Below are lines of data; restate word for word those running from the line containing "apply: ler_sum => i" to the line containing "pose D := \sum_(k", inclusive, and no others.

········

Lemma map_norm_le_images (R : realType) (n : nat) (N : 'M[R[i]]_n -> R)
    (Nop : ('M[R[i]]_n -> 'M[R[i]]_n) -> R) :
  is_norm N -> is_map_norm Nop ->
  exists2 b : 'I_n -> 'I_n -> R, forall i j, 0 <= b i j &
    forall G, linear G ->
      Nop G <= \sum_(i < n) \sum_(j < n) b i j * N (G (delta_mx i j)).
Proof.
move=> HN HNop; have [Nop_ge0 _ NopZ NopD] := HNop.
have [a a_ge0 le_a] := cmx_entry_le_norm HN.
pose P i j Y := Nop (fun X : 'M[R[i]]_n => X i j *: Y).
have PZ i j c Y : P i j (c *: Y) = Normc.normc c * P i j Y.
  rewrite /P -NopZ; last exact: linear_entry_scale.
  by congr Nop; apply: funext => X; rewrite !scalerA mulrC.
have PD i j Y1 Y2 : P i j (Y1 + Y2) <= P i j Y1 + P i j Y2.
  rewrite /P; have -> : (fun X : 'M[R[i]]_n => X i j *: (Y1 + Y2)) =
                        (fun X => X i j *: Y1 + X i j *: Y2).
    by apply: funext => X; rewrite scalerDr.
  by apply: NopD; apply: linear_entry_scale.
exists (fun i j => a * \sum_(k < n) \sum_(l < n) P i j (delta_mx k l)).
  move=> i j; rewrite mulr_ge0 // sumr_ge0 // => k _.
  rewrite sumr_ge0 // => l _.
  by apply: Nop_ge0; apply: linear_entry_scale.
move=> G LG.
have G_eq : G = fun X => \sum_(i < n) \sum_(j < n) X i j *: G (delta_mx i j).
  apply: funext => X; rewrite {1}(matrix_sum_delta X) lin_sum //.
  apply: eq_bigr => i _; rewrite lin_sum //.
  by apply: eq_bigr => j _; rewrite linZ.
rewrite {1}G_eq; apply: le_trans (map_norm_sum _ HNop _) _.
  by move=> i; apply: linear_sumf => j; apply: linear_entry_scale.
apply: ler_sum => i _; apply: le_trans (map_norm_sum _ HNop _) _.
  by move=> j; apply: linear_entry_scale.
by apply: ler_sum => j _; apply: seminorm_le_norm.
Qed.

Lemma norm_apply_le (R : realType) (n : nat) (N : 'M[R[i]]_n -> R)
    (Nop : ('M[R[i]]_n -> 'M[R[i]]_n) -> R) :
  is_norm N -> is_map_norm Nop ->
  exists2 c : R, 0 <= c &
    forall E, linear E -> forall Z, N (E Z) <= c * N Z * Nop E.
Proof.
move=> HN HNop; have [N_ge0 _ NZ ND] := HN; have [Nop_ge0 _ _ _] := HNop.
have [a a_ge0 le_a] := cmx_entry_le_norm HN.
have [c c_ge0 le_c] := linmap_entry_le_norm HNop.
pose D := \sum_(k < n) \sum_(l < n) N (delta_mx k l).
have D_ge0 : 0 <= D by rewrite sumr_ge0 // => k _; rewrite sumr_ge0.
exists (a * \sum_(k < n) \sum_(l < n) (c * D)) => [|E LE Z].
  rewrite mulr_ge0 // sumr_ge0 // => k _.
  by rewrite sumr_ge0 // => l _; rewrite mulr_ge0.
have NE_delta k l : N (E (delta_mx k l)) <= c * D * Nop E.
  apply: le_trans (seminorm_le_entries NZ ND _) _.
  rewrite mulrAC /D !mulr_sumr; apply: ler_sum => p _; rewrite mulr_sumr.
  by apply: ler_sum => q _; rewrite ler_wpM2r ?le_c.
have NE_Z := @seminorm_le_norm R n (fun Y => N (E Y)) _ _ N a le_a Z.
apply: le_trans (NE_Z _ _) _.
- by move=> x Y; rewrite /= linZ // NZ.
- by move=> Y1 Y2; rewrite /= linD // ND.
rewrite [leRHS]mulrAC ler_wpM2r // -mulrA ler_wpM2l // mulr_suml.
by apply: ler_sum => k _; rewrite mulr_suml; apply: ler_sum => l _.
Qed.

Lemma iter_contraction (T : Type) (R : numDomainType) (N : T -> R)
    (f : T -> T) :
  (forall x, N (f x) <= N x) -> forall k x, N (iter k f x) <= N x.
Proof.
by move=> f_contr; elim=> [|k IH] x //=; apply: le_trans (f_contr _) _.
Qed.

········

| RESPONSE TO THIS EXERCISE |
apply: ler_sum => i _; apply: le_trans (map_norm_sum _ HNop _) _.
  by move=> j; apply: linear_entry_scale.
by apply: ler_sum => j _; apply: seminorm_le_norm.
Qed.

Lemma norm_apply_le (R : realType) (n : nat) (N : 'M[R[i]]_n -> R)
    (Nop : ('M[R[i]]_n -> 'M[R[i]]_n) -> R) :
  is_norm N -> is_map_norm Nop ->
  exists2 c : R, 0 <= c &
    forall E, linear E -> forall Z, N (E Z) <= c * N Z * Nop E.
Proof.
move=> HN HNop; have [N_ge0 _ NZ ND] := HN; have [Nop_ge0 _ _ _] := HNop.
have [a a_ge0 le_a] := cmx_entry_le_norm HN.
have [c c_ge0 le_c] := linmap_entry_le_norm HNop.
pose D := \sum_(k < n) \sum_(l < n) N (delta_mx k l).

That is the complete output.